Fun Fact: Never used RIGHT join in my work 🤣
Type 4: FULL OUTER Join
Concept: Returns ALL rows from both tables, regardless of whether there is a match or not
SELECT
*
FROM Customer c
FULL OUTER JOIN Orders o
ON c.cust_id = o.cust_id
GROUP BY c.cust_id
+---------+---------------+----------+------------------+------------+
| cust_id | register_date | order_id | transaction_date | net_amount |
+---------+---------------+----------+------------------+------------+
| 1001 | 2024-01-01 | 151 | 2024-02-24 | 67.5 |
| 1001 | 2024-01-01 | 199 | 2024-02-27 | 48.0 |
| 1002 | 2024-03-15 | 213 | 2024-04-13 | 13.0 |
| 1003 | 2024-03-16 | 311 | 2024-05-04 | 90.3 |
| 1003 | 2024-03-16 | 425 | 2024-05-10 | 17.5 |
| 1004 | 2024-05-04 | NULL | NULL | NULL |
| 1005 | 2024-07-31 | NULL | NULL | NULL |
+---------+---------------+----------+------------------+------------+
As you can see, all records from both tables are returned. NULL values
indicate that there is no matching data for those specific fields.

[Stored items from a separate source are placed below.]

Lemma local_lmo_dist_decrease xk p :
  argmin_on (X `&` eball xk (enorm (g xk - g xs) / L)) (dotp (g xk)) p ->
  enorm (p - xs) ^+ 2 <= enorm (xk - xs) ^+ 2 - (enorm (g xk - g xs) / L) ^+ 2.
Proof.
move=> [[Xp p_ball] p_min]; rewrite !enorm_sqr.
set h := g xk - g xs in p_ball p_min *; set t := enorm h / L in p_ball p_min *.
have t0 : 0 <= t by rewrite divr_ge0 ?enorm_ge0 ?ltW.
have tt : t ^+ 2 = L^-1 ^+ 2 * dotp h h by rewrite expr_div_n enorm_sqr mulrC exprVn.
move: p_ball; rewrite /eball /= enorm_le_sqr // => p_ball.
have [xs_better | p_better] := ltP (dotp (g xk) (xs - p)) 0.
- (* every point of [X] strictly between [p] and [xs] beats [p], so it lies outside the ball *)
  have -> : p - xs = (p - xk) - (xs - xk) by rewrite opprB addrA subrK.
  have -> : xk - xs = - (xs - xk) by rewrite opprB.
  rewrite dotpNl dotpNr opprK; apply: segment_exit_ball => // l /andP[l0 l1].
  rewrite ltNge; apply/negP => z_ball.
  have z_eq : p + l *: (xs - p) - xk = p - xk + l *: (xs - xk - (p - xk)).
    by rewrite opprB addrA subrK addrAC.
  have Xz : X (p + l *: (xs - p)).
    by rewrite segment_pointE; apply: (convex_set_comb cX xs_min.1 Xp); rewrite (ltW l0) l1.
  have := p_min _ (conj Xz _); rewrite /eball /= enorm_le_sqr // z_eq => /(_ z_ball).
  rewrite dotpDr dotpZr; have : 0 < l * - dotp (g xk) (xs - p) by rewrite mulr_gt0 ?oppr_gt0.
  lra.
- (* otherwise co-coercivity forces [p = xk - h / L] *)
  have coco := grad_cocoercive fd L0 Ls fc xk xs; rewrite -/h in coco.
  have xs_opt := argmin_grad_ge0 fd cX xs_min Xp.
  have step : xk - p = L^-1 *: h.
    apply: cauchy_schwarz_eq; first by rewrite invr_ge0 ltW.
      by rewrite -tt -opprB dotpNl dotpNr opprK.
    have -> : dotp h (xk - p) = dotp h (xk - xs) + dotp (g xk) (xs - p) + dotp (g xs) (p - xs).
      by rewrite /h !(dotpBl, dotpBr); ring.
    by rewrite mulrC; lra.
  have -> : p - xs = (xk - xs) - (xk - p) by apply/rowP => i; rewrite !mxE; ring.
  rewrite step dotp_sqrBZ tt dotpC.
  have : L^-1 * (L^-1 * dotp h h) <= L^-1 * dotp h (xk - xs).
    by rewrite ler_pM2l ?invr_gt0 // mulrC.
  lra.
Qed.
End LocalLMO.

Unset Implicit Arguments.

Theorem theorem2 (R : realType) (d : nat) (X : set 'rV[R]_d)
  (f : 'rV[R]_d -> R) (L : R) (x : nat -> 'rV[R]_d) (xstar : 'rV[R]_d) :
  X !=set0 -> closed X -> convex_set X ->
  (forall y, differentiable f y) -> 0 < L -> L_smooth L f -> strictly_convex f ->
  argmin_on X f !=set0 ->
  X (x 0%N) -> argmin_on X f xstar ->
  (forall k : nat,
     argmin_on (X `&` eball (x k) (enorm (grad f (x k) - grad f xstar) / L))
               (fun z => dotp (grad f (x k)) z) (x k.+1)) ->
  forall K : nat, (1 <= K)%N ->
    let a := fun k : nat => enorm (grad f (x k) - grad f xstar) ^+ 2 in
    \big[Num.min/a 0%N]_(k < K) a k <= K%:R^-1 * \sum_(k < K) a k /\
    K%:R^-1 * \sum_(k < K) a k <= L ^+ 2 * enorm (x 0%N - xstar) ^+ 2 / K%:R.
Proof.
move=> _ _ cX fd L0 Ls /strictly_convex_convex fc _ _ xs_min lmo K K1 a.
pose b k := L ^+ 2 * enorm (x k - xstar) ^+ 2.
have step k : a k <= b k - b k.+1.
  have := local_lmo_dist_decrease cX fd L0 Ls fc xs_min (lmo k).
  have La : L ^+ 2 * (enorm (grad f (x k) - grad f xstar) / L) ^+ 2 = a k.
    by rewrite expr_div_n mulrCA mulfV ?mulr1 // expf_neq0 // gt_eqF.
  by rewrite -La /b -mulrBr ler_pM2l ?exprn_gt0 //; lra.
have sum_le : \sum_(k < K) a k <= b 0%N.
  have bK : 0 <= b K by rewrite mulr_ge0 ?sqr_ge0.
  by have := sum_le_telescope K step; lra.
split; first exact: bigmin_le_mean.
by rewrite mulrC ler_wpM2r // invr_ge0 ler0n.
Qed.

Note: Run time will be long especially for large tables
Other Common Types of Joins:
Type 5: SELF Join
Concept: A join type where the table joins with itself
SELECT
o1.cust_id,
o1.net_amount AS cust_first_order,
o2.net_amount AS cust_sec_order
FROM cust_order.orders o1
INNER JOIN cust_order.orders o2
ON o1.cust_id = o2.cust_id
AND o1.net_amount < o2.net_amount
Result Table:
+---------+------------------+----------------+
| cust_id | cust_first_order | cust_sec_order |
+---------+------------------+----------------+
| 1001 | 48.0 | 67.5 |
| 1003 | 17.5 | 90.3 |
+---------+------------------+----------------+
Here, we are looking for customers whose net amount of their first order is
less than the net amount of their second order.
Type 6: CROSS Join (Cartesian Product)
Concept: Returns ALL possible combination among the tables
SELECT
c.cust_id,
o.order_id
FROM cust_order.customers c
CROSS JOIN cust_order.orders o
ORDER BY c.cust_id
Result Table:
+---------+----------+
| cust_id | order_id |
+---------+----------+
| 1001 | 151 |
| 1001 | 199 |
| 1001 | 213 |
| 1001 | 311 |
| 1001 | 425 |
| 1002 | 151 |
| 1002 | 199 |
| 1002 | 213 |
| 1002 | 311 |
| 1002 | 425 |
| 1003 | 151 |
| 1003 | 199 |
| 1003 | 213 |
|.... and more ......|
+---------+----------+
Here, all cust_id and order_id combinations are returned.